Sam L. Jacobs

Poor Jews’ Temporary Shelter – London’s East End

Photo: Sam Jacobs

This week an important link in the chain of British and Jewish history was commemorated and celebrated. The Board of Deputies unveiled a plaque at 63 Mansell Street in London’s East End.

This is the building occupied from 1930 until 1973 by the Jews Temporary Shelter. The charity was first set up by Simcha the Baker who offered lodging on sacks of flour at the back of his Bakery in 1885.

Within a short while the authorities closed down this accommodation as substandard and unhygienic. Jewish community leaders then set up the Poor Jews Temporary Shelter in Leman Street.

The aims of the charity were to help new arrivals with modest dormitory accommodation and food for two weeks and help in finding work. They had to pay for this and there’s always been an ethos that the UK government should not have provide a subsidy.

The charity is based near Irongate docks ( today’s Tower hotel) where many boats carrying hopeful immigrants arrived. This was the gateway to the vibrant Jewish East End, famous for Petticoat Lame market, the clothes business, smoked salmon, herring, bagels and rye bread and much more.

Writers such as Zangwill, Wesker, Litvinoff and Berkoff have immortalised the old Jewish East End. Some of its most distinguished inhabitants included the historian Jacob Bronowski, the poet Isaac Rosenberg and the painter Mark Gertler.

The Ashkenazi immigrants arrived in the area where the first Spanish and Portuguese synagogue opened in 1656 during the time of Oliver Cromwell’s commonwealth. This was the time of the readmission of Jewish people to England.

People from many lands have lived in the East End since Roman times. They include Irish, German, Indian Lascar, Africans, Sylhetis, Somali and French Protestant Huguenot people. Indeed, it was the Huguenots in the 1680s who first coined the word refugees following their flight from France to Whitechapel and Spitalfields.

The arrivals were often met at the docks by criminal gangs who wanted to rob and exploit them. In the early days of the Shelter most of the new arrivals were from Eastern Europe and came with a fear of authority and the police. They were targeted by criminals. The charity stepped in, meeting people at the docks, helping with paperwork and pointing them in the right direction.

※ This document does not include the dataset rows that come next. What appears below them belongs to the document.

(* Route [u i j u k l] through [u m m'], where [m] and [m'] are the common
   neighbours of [i, k] and of [j, l]; next to [u m m'], the generators [u i j]
   and [u k l] may be replaced by [nbr_sum z j] and [nbr_sum z' l], which
   commute because [z ~ z']. *)
Lemma u_commute_far i j k l : i != k -> ~~ adj i k -> j != l -> ~~ adj j l ->
  u i j *. u k l = u k l *. u i j.
Proof.
move=> ik nik jl njl.
have [m [im km m_unique]] := common_neighbour ik nik.
have [m' [jm' lm' _]] := common_neighbour jl njl.
have [z iz zm] := no_leaf im.
have zk : z != k by apply: contraNneq nik => <-.
have nzk : ~~ adj z k.
  by apply: contra_neqN zm => zk'; apply: m_unique; rewrite // adj_sym.
have [z' [zz' kz' _]] := common_neighbour zk nzk.
have z'm : z' != m by apply: contraNneq (triangle_free iz im) => <-.
have E0 := nbr_sum_mul im jm' iz zm.
have E1 := nbr_sum_mul km lm' kz' z'm.
rewrite (u_insert_common_neighbour_src m_unique jm' lm') -E0 -ca_mulA.
rewrite -(u_commute_adj _ _ km) -E1 ca_mulA (nbr_sum_commute _ _ zz') -ca_mulA E0.
rewrite (u_commute_adj _ _ im) ca_mulA E1.
by rewrite -(u_insert_common_neighbour_src (fun t kt it => m_unique t it kt) lm' jm').
Qed.

Lemma u_commute i j k l : u i j *. u k l = u k l *. u i j.
Proof.
have [<-|ik] := eqVneq i k.
  by have [<-//|jl] := eqVneq j l; rewrite !u_row_orth // eq_sym.
have [<-|jl] := eqVneq j l; first by rewrite !u_col_orth // eq_sym.
have [adj_ik|nik] := boolP (adj i k); first exact: u_commute_adj.
have [adj_jl|njl] := boolP (adj j l); last exact: u_commute_far.
rewrite !u_mul_eq0 //.
- by rewrite (adj_sym k i) (negbTE nik) (adj_sym l j) adj_jl.
- by rewrite (negbTE nik) adj_jl.
Qed.

End QuantumAutomorphisms.

End CStarAlgebra.

Lemma srg_0_1_no_quantum_symmetry n (adj : rel 'I_n) k :
  (forall i j, adj i j = adj j i) -> strongly_regular adj k 0 1 -> 1 < k ->
  no_quantum_symmetry adj.
Proof.
move=> adj_sym [deg lam0 mu1] k_gt1 A u u_qaut; apply: (u_commute u_qaut adj_sym).
- move=> a b c ab ac; apply/negP => bc.
  by have := lam0 a b ab; rewrite (cardD1 c) inE ac bc.
- move=> a b ab nab.
  have /cards1P [x common_x] : #|[set y | adj a y && adj b y]| == 1 by rewrite mu1.
  have : x \in [set y | adj a y && adj b y] by rewrite common_x set11.
  rewrite inE => /andP [ax bx]; exists x; split => // t at_ bt.
  by apply/set1P; rewrite -common_x inE at_ bt.
- move=> i m _; have /card_gt1P [x [y [ix iy xy]]] : 1 < #|[set w | adj i w]| by rewrite deg.
  rewrite !inE in ix iy; have [xm|] := eqVneq x m; last by exists x.
  by exists y; rewrite // -xm eq_sym.
Qed.

Section GirthFive.
Variables (n : nat) (adj : rel 'I_n).
Hypothesis adj_simple : simple_graph adj.

Lemma adj_neq a b : adj a b -> a != b.
Proof. by apply: contraTneq => ->; case: adj_simple. Qed.

Lemma triangle_cycle a b c : adj a b -> adj b c -> adj c a -> has_cycle_of_length adj 3.
Proof.
move=> ab bc ca; split => //.
exists (fun t => match t with 0 => a | 1 => b | _ => c end); split; last first.
  by case=> [|[|[|i]]] //= _.
have ab' := adj_neq ab; have bc' := adj_neq bc; have ca' := adj_neq ca.
by move=> [|[|[|i]]] [|[|[|j]]] //= _ _ E; subst; rewrite ?eqxx in ab' bc' ca'.
Qed.

Lemma square_cycle a x b t : adj a x -> adj x b -> adj b t -> adj t a -> a != b -> x != t ->
  has_cycle_of_length adj 4.
Proof.
move=> ax xb bt ta ab xt; split => //.
exists (fun s => match s with 0 => a | 1 => x | 2 => b | _ => t end); split; last first.
  by case=> [|[|[|[|i]]]] //= _.
have ax' := adj_neq ax; have xb' := adj_neq xb; have bt' := adj_neq bt; have ta' := adj_neq ta.
by move=> [|[|[|[|i]]]] [|[|[|[|j]]]] //= _ _ E; subst; rewrite ?eqxx in ax' xb' bt' ta' ab xt.
Qed.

Drawing: Wikipedia Ellen Gertrude Cohen – Illustrated London News in 1891

The arrivals received a mixed reception from British society with fears about competition for work, foreign ways, and outright prejudice. The 1905 Aliens Act limited the flow into the UK. And it was in opposition to that act that Winston Churchill wrote that it “would appeal to insular prejudice against foreigners, to racial prejudice against Jews, and to labour prejudice against competition” and expressed himself in favour of “the old tolerant and generous practice of free entry and asylum to which this country has so long adhered and from which it has so greatly gained.”

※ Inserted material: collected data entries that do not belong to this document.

(* Let $A\otimes B$ be a two-qubit Pauli operator with $A,B\in\{X,Y,Z\}$, and let $\rho$ be a valid two-qubit density matrix of the form $$\rho=\tfrac14\Big(I\otimes I+\sum_{q}c_q\,q\Big),\qquad c_q\in\mathbb{R}.$$ Here $q$ ranges over the five operators $A\otimes B$ and $A'\otimes B'$ with $A'\in\{X,Y,Z\}\setminus\{A\}$ and $B'\in\{X,Y,Z\}\setminus\{B\}$. Equivalently, $\rho$ is a Group 2 $X$-state with maximally-mixed subsystems, or a Mermin-state $\mathcal{Q}_i$, $i=1,\dots,9$, with all local coefficients zero. Let $\mathcal{M}(\rho)$ be the sum of the two largest eigenvalues of $\beta^T\beta$, where $\beta$ is the $3\times3$ real matrix with entries $\beta_{ij}=\operatorname{Tr}(\rho\,\sigma_i\otimes\sigma_j)$, $\sigma_1=X,\sigma_2=Y,\sigma_3=Z$. Then $\mathcal{M}(\rho)=2$ (i.e. $\rho$ violates the Bell (CHSH) inequality maximally) if and only if $\rho$ is pure, i.e. $\operatorname{Tr}(\rho^2)=1$.
   Context: Valid means $\rho$ is Hermitian, of trace one and positive semidefinite. By the Horodecki criterion, a two-qubit state violates the Bell (CHSH) inequality iff $\mathcal{M}(\rho)>1$; maximal violation corresponds to the maximal possible value $\mathcal{M}(\rho)=2$. *)

From HB Require Import structures.
From mathcomp Require Import all_boot all_order all_algebra.
From mathcomp Require Import complex mxtens.
Set Implicit Arguments. Unset Strict Implicit. Unset Printing Implicit Defensive.
Import Order.TTheory GRing.Theory Num.Theory.
Local Open Scope ring_scope.
Local Open Scope complex_scope.

Section Qubits.
Variable R : rcfType.
Local Notation C := R[i].
Definition dT3 (f : R -> R -> 'rV[R]_C -> R) P T x : R := derive1 (fun T' => f P T' x) T.
Definition dP3 (f : R -> R -> 'rV[R]_C -> R) P T x : R := derive1 (fun P' => f P' T x) P.
Definition gradx3 (f : R -> R -> 'rV[R]_C -> R) P T x : 'rV[R]_C :=
  \row_(i < C) derive1 (fun h : R => f P T (x + h *: delta_mx 0 i)) 0.
Definition dT2 (f : R -> 'rV[R]_C -> R) T x : R := derive1 (fun T' => f T' x) T.
Definition gradx2 (f : R -> 'rV[R]_C -> R) T x : 'rV[R]_C :=
  \row_(i < C) derive1 (fun h : R => f T (x + h *: delta_mx 0 i)) 0.

Definition sdT P T x : R := \sum_(i < C) dT3 (fvle i) P T x.

Definition avec P T x : 'rV[R]_C :=
  gradx2 fhl T x - (dT2 fhl T x / sdT P T x) *: (\sum_(i < C) gradx3 (fvle i) P T x).
Definition bsc P T x : R :=
  - dT2 fhl T x * ((\sum_(i < C) dP3 (fvle i) P T x) / sdT P T x).

(** Values of the algebraic variables (stages 1-based, components 1-based). *)
Record algv := AlgV {
  aV : nat -> R; ay : nat -> nat -> R; aH : nat -> R;
  aT : nat -> R; axC : nat -> R; aL : nat -> R }.

(** Index type of eta (and of g), in the order of the paper:
    V^S..V^1 | y^1..y^S | H^1..H^S | T^1..T^S | x_C^1..x_C^S | L^1..L^{S-1}. *)
Definition Idx := ('I_S + 'I_S * 'I_C + 'I_S + 'I_S + 'I_S + 'I_S.-1)%type.

Section AtPoint.
(* controls and Pdot at the given time, differential variables n, xh
   (xh j i = x_i^j for 1 <= i <= C-1) *)
Variables (eps P Q Tc Pdot : R) (n : nat -> R) (xh : nat -> nat -> R).

Definition xrow (e : algv) (j : nat) : 'rV[R]_C :=
  \row_(i < C) (if i.+1 == C then axC e j else xh j i.+1).
Definition yrow (e : algv) (j : nat) : 'rV[R]_C := \row_(i < C) ay e j i.+1.

Definition aebal (e : algv) (j : nat) : R :=
  let x := xrow e in let y := yrow e in
  let V := aV e in let L := aL e in let T := aT e in
  if j == 1%N then
    (L 1 - V 1) * fhl (T 1) (x 1)
    + dotv (avec P (T 1) (x 1)) (L 1 *: (x 2 - x 1) - V 1 *: (y 1 - x 1))
    + n 1 * bsc P (T 1) (x 1) * Pdot
    - (L 1 * fhl (T 2) (x 2) - V 1 * fhv (T 1) (y 1) + Q)
  else if j == S then
    (- eps * V S - L S.-1 + V S.-1) * fhl (T S) (x S)
    + dotv (avec P (T S) (x S))
        (- (eps * V S) *: (y S - x S) + V S.-1 *: (y S.-1 - x S))
    + n S * bsc P (T S) (x S) * Pdot
    - ((1 - eps) * V S * fhl Tc (y S) - V S * fhv (T S) (y S)
       - L S.-1 * fhl (T S) (x S) + V S.-1 * fhv (T S.-1) (y S.-1))
  else
    (L j - V j - L j.-1 + V j.-1) * fhl (T j) (x j)
    + dotv (avec P (T j) (x j))
        (L j *: (x j.+1 - x j) - V j *: (y j - x j) + V j.-1 *: (y j.-1 - x j))
    + n j * bsc P (T j) (x j) * Pdot
    - (L j * fhl (T j.+1) (x j.+1) - V j * fhv (T j) (y j)
       - L j.-1 * fhl (T j) (x j) + V j.-1 * fhv (T j.-1) (y j.-1)).

(** ydef_(i+1)^j for i : 'I_C *)
Definition ydef (e : algv) (j : nat) (i : 'I_C) : R :=
  ay e j i.+1 - fvle i P (aT e j) (xrow e j).
Definition edef (e : algv) (j : nat) : R := aH e j - n j * fhl (aT e j) (xrow e j).
Definition ysum (e : algv) (j : nat) : R :=
  \sum_(i < C) fvle i P (aT e j) (xrow e j) - 1.
Definition xsum (e : algv) (j : nat) : R :=
  axC e j - 1 + \sum_(1 <= i < C) xh j i.
Definition hold (e : algv) (j : nat) : R := n j - fholdup (aL e j.-1).

(** The algebraic equations g, indexed like eta:
    aebal^S..aebal^1 | ydef^1..ydef^S | edef | ysum | xsum | hold^2..hold^S. *)
Definition gres (e : algv) (k : Idx) : R :=
  match k with
  | inl (inl (inl (inl (inl k)))) => aebal e (S - k)
  | inl (inl (inl (inl (inr (k, i))))) => ydef e k.+1 i
  | inl (inl (inl (inr k))) => edef e k.+1
  | inl (inl (inr k)) => ysum e k.+1
  | inl (inr k) => xsum e k.+1
  | inr k => hold e k.+2
  end.

Definition updn (f : nat -> R) (j : nat) (h : R) : nat -> R :=
  fun m => if m == j then f m + h else f m.
Definition updn2 (f : nat -> nat -> R) (j i : nat) (h : R) : nat -> nat -> R :=
  fun m l => if (m == j) && (l == i) then f m l + h else f m l.

Definition pert (e : algv) (k : Idx) (h : R) : algv :=
  match k with
  | inl (inl (inl (inl (inl k)))) =>
      AlgV (updn (aV e) (S - k) h) (ay e) (aH e) (aT e) (axC e) (aL e)
  | inl (inl (inl (inl (inr (k, i))))) =>
      AlgV (aV e) (updn2 (ay e) k.+1 i.+1 h) (aH e) (aT e) (axC e) (aL e)
  | inl (inl (inl (inr k))) =>
      AlgV (aV e) (ay e) (updn (aH e) k.+1 h) (aT e) (axC e) (aL e)
  | inl (inl (inr k)) =>
      AlgV (aV e) (ay e) (aH e) (updn (aT e) k.+1 h) (axC e) (aL e)
  | inl (inr k) =>
      AlgV (aV e) (ay e) (aH e) (aT e) (updn (axC e) k.+1 h) (aL e)
  | inr k =>
      AlgV (aV e) (ay e) (aH e) (aT e) (axC e) (updn (aL e) k.+1 h)
  end.

Definition jac (e : algv) : 'M[R]_#|{: Idx}| :=
  \matrix_(r, c) derive1 (fun h : R => gres (pert e (enum_val c) h) (enum_val r)) 0.

End AtPoint.

Section Solution.
Variables (I : set R) (eps P Q Tc : R -> R).
Variables (n V H T L : nat -> R -> R) (x y : nat -> nat -> R -> R).
(* x j i t = x_i^j(t), y j i t = y_i^j(t), 1-based j and i *)

Definition alg_at (t : R) : algv :=
  AlgV (fun j => V j t) (fun j i => y j i t) (fun j => H j t)
       (fun j => T j t) (fun j => x j C t) (fun j => L j t).
Definition n_at (t : R) : nat -> R := fun j => n j t.
Definition x_at (t : R) : nat -> nat -> R := fun j i => x j i t.
Definition Pdot_at (t : R) : R := derivI I P t.

Definition xvec (j : nat) (t : R) : 'rV[R]_C := \row_(i < C) x j i.+1 t.
Definition yvec (j : nat) (t : R) : 'rV[R]_C := \row_(i < C) y j i.+1 t.

Definition jac_at (t : R) : 'M[R]_#|{: Idx}| :=
  jac (eps t) (P t) (Q t) (Tc t) (Pdot_at t) (n_at t) (x_at t) (alg_at t).

Definition is_solution : Prop :=
  (forall j, (1 <= j <= S)%N ->
     [/\ C1_on I (n j), C1_on I (H j), C1_on I (T j) & C1_on I (V j)]) /\
  (forall j i, (1 <= j <= S)%N -> (1 <= i <= C)%N ->
     C1_on I (x j i) /\ C1_on I (y j i)) /\
  (forall j, (1 <= j <= S.-1)%N -> C1_on I (L j)) /\
  (forall t, I t ->
    derivI I (n 1) t = L 1 t - V 1 t /\
    (forall j, (2 <= j <= S.-1)%N ->
       derivI I (n j) t = L j t - V j t - L j.-1 t + V j.-1 t) /\
    derivI I (n S) t = - eps t * V S t - L S.-1 t + V S.-1 t /\
    (forall i, (1 <= i <= C.-1)%N ->
      derivI I (x 1 i) t =
        (L 1 t * (x 2 i t - x 1 i t) - V 1 t * (y 1 i t - x 1 i t)) / n 1 t /\
      (forall j, (2 <= j <= S.-1)%N ->
        derivI I (x j i) t =
          (L j t * (x j.+1 i t - x j i t) - V j t * (y j i t - x j i t)
           + V j.-1 t * (y j.-1 i t - x j i t)) / n j t) /\
      derivI I (x S i) t =
        (eps t * V S t * (x S i t - y S i t)
         + V S.-1 t * (y S.-1 i t - x S i t)) / n S t) /\
    (forall k : Idx,
       gres (eps t) (P t) (Q t) (Tc t) (Pdot_at t) (n_at t) (x_at t) (alg_at t) k = 0)).

End Solution.

End Column.

From Pilot Require Import Defs.
From HB Require Import structures.
From mathcomp Require Import all_boot all_order all_algebra.
From mathcomp Require Import all_classical all_reals all_analysis.
From mathcomp Require Import ring zify.
Set Implicit Arguments. Unset Strict Implicit. Unset Printing Implicit Defensive.
Import Order.TTheory GRing.Theory Num.Theory.
Import numFieldNormedType.Exports.
Local Open Scope classical_set_scope.
Local Open Scope ring_scope.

Otto Schiff worked extensively with the Shelter during both world wars and pledged that no refugees would be a burden on the state. He was made life president of the charity in 1948 and awarded both an OBE and CBE.

By the 1930s the charity had helped over 1.2 million people of many and no faiths. Many of these people passed through to the United States, South Africa and other countries.

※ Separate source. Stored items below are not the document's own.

Theorem lemma1
  (K Bmax Hmax Es Ed : nat) (q : nat -> R) (FH : R -> R) (Rate ptx : R)
  (Tth Tstar : R) (Psistar : policy) :
  (1 < K)%nat -> (0 < Es)%nat -> (0 < Ed)%nat -> 0 < ptx ->
  (forall x, 0 <= FH x <= 1) ->
  (forall h, 0 <= q h) -> (forall h, (Hmax < h)%nat -> q h = 0) ->
  fsum (S Hmax) q = 1 ->
  admissible Es Ed Psistar ->
  throughput K Bmax Hmax Es Ed q (pcorr FH Rate ptx) Psistar Tstar ->
  (forall Psi Tv, admissible Es Ed Psi ->
     throughput K Bmax Hmax Es Ed q (pcorr FH Rate ptx) Psi Tv -> Tv <= Tstar) ->
  (Tstar < Tth ->
     ~ (exists Psi Tv, admissible Es Ed Psi /\
          throughput K Bmax Hmax Es Ed q (pcorr FH Rate ptx) Psi Tv /\ Tth <= Tv)) /\
  (Tth <= Tstar ->
     exists pstar,
       pdrop K Bmax Hmax Es Ed q (pcorr FH Rate ptx) Psistar pstar /\
       Tth <= Tstar /\
       (forall Psi Tv p, admissible Es Ed Psi ->
          throughput K Bmax Hmax Es Ed q (pcorr FH Rate ptx) Psi Tv ->
          pdrop K Bmax Hmax Es Ed q (pcorr FH Rate ptx) Psi p ->
          Tth <= Tv -> pstar <= p)).
Proof.
  intros HK _ _ _ HFH Hq0 Hqz Hq1 Hadm Hth Hopt.
  pose proof (pcorr_bounds FH Rate ptx HFH) as Hpc.
  assert (HKp : 0 < INR K) by (apply lt_0_INR; lia).
  split.
  - intros Hlt [Psi [Tv [HA [HT HTv]]]]; pose proof (Hopt Psi Tv HA HT); lra.
  - intros Hle; exists (1 - INR K * Tstar); split; [|split; [exact Hle|]].
    + apply (pdrop_throughput _ _ _ _ _ _ _ _ HK Hq0 Hqz Hq1 Hpc Hadm _ _ Hth); reflexivity.
    + intros Psi Tv p HA HT HP _.
      apply (pdrop_throughput _ _ _ _ _ _ _ _ HK Hq0 Hqz Hq1 Hpc HA _ _ HT) in HP.
      pose proof (Hopt Psi Tv HA HT); nra.
Qed.
Lemma ccosh_I_lipschitz : exists L, forall r x r' x', tri R0 1 r x -> tri R0 1 r' x' ->
  Cmod (Cminus (ccosh (I r x)) (ccosh (I r' x'))) <= L * Rmax (Rabs (r - r')) (Rabs (x - x')).
Proof.
destruct J_bound as [B HB]; destruct I_sqr_lipschitz as [K HK].
exists (/ 2 * K * exp (B + B)); intros r x r' x' Hrx Hrx'.
pose proof (HK r x r' x' Hrx Hrx') as HKrx; destruct Hrx as [Hx [Hxr Hr]], Hrx' as [Hx' [Hxr' Hr']].
assert (Hexp : exp (Cmod (I r x) + Cmod (I r' x')) <= exp (B + B)).
{ apply exp_le_compat, Rplus_le_compat.
  - eapply Rle_trans; [apply Cmod_I_le; lra | apply HB].
  - eapply Rle_trans; [apply Cmod_I_le; lra | apply HB]. }
eapply Rle_trans; [apply Cmod_ccosh_sub_le|].
replace (/ 2 * K * exp (B + B) * Rmax (Rabs (r - r')) (Rabs (x - x')))
  with (/ 2 * (K * Rmax (Rabs (r - r')) (Rabs (x - x'))) * exp (B + B)) by ring.
apply Rmult_le_compat; [ | apply Rlt_le, exp_pos | lra | exact Hexp].
pose proof (Cmod_ge_0 (Cminus (Cmult (I r x) (I r x)) (Cmult (I r' x') (I r' x')))); lra.
Qed.

Lemma ccosh_I_diagonal (r0 : R) : R0 <= r0 <= 1 ->
  forall eps, 0 < eps -> exists delta, 0 < delta /\
    forall r x, tri R0 1 r x -> Rabs (r - r0) < delta -> Rabs (x - r0) < delta ->
      Cmod (Cminus (ccosh (I r x)) (RtoC 1)) < eps.
Proof.
intros _ eps Heps; destruct J_bound as [B HB].
set (M := / 2 * (B * B) * exp B).
assert (HM : 0 <= M)
  by (pose proof (Cmod_ge_0 (J 0 0)); pose proof (HB 0 0); pose proof (exp_pos B); unfold M; nra).
exists (eps / (2 * M + 1)); split; [apply Rdiv_lt_0_compat; lra|].
intros r x [Hx [Hxr Hr]] Hr0 Hx0.
assert (Hrx : r - x < 2 * (eps / (2 * M + 1))) by (apply Rabs_def2 in Hr0; apply Rabs_def2 in Hx0; lra).
assert (Hbound : Cmod (Cminus (ccosh (I r x)) (RtoC 1)) <= (r - x) * M).
{ rewrite <- ccosh_0; eapply Rle_trans; [apply Cmod_ccosh_sub_le|].
  rewrite I_sqr, Cmod_0, Rplus_0_r by lra.
  replace (Cminus (Cmult (RtoC (r - x)) (Cmult (J r x) (J r x))) (Cmult (RtoC 0) (RtoC 0)))
    with (Cmult (RtoC (r - x)) (Cmult (J r x) (J r x))) by ring.
  rewrite !Cmod_mult, Cmod_R, Rabs_right by lra.
  pose proof (Cmod_ge_0 (J r x)); pose proof (HB r x).
  assert (Cmod (J r x) * Cmod (J r x) <= B * B) by (apply Rmult_le_compat; lra).
  assert (exp (Cmod (I r x)) <= exp B)
    by (apply exp_le_compat; eapply Rle_trans; [apply Cmod_I_le; lra | apply HB]).
  unfold M; replace ((r - x) * (/ 2 * (B * B) * exp B)) with (/ 2 * ((r - x) * (B * B)) * exp B) by ring.
  apply Rmult_le_compat; [nra | apply Rlt_le, exp_pos | | assumption].
  apply Rmult_le_compat_l, Rmult_le_compat_l; lra. }
eapply Rle_lt_trans; [exact Hbound|].
apply Rle_lt_trans with (2 * (eps / (2 * M + 1)) * M); [apply Rmult_le_compat_r; lra|].
apply Rlt_le_trans with (eps / (2 * M + 1) * (2 * M + 1)); [|right; field; lra].
assert (0 < eps / (2 * M + 1)) by (apply Rdiv_lt_0_compat; lra); nra.
Qed.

The Austrian writer Stefan Zweig described the Shelter as offering “the wanderer, the emigrant, who comes here to seek rest and respite…. In the midst of the vast and dread uncertainty that now hangs like a chill cloud of fog over the lives of thousands, he feels for a few days the warmth and the light of human kindness, …., he feels that he is not alone and lost in a foriegn land, but that he is bound to the community of his people and to the higher community of mankind. …” and as an “unknown and incomparable monument of Jewish and human solidarity!”

Originally the immigrants came from Eastern Europe facing poverty and discrimination. By the 1930s refugees were flooding in from Belgium, Austria and Germany, escaping the Nazi threat. After the war, survivors of the concentration camps – including children from the displaced persons camps – passed through the shelter.

In later years refugees from Aden, Hungary, Iran, Egypt and India have arrived.

Today, the charity exists, offering advice and financial help to those facing housing difficulties.

Over the years HIAS, the Jewish soup kitchen, Board of Guardians, 45aid , Bachad and others have worked with the shelter.

About the Author
Sam Jacobs is a qualified City of London guide and a specialist in the Jewish history of the City of London and Whitechapel and leads regular walks in the area. In the past he was a Jewish student and Jewish Labour leader in the UK and Europe. He has been in high tech for 40 years and is currently a trustee of two major UK charities on identity and integration.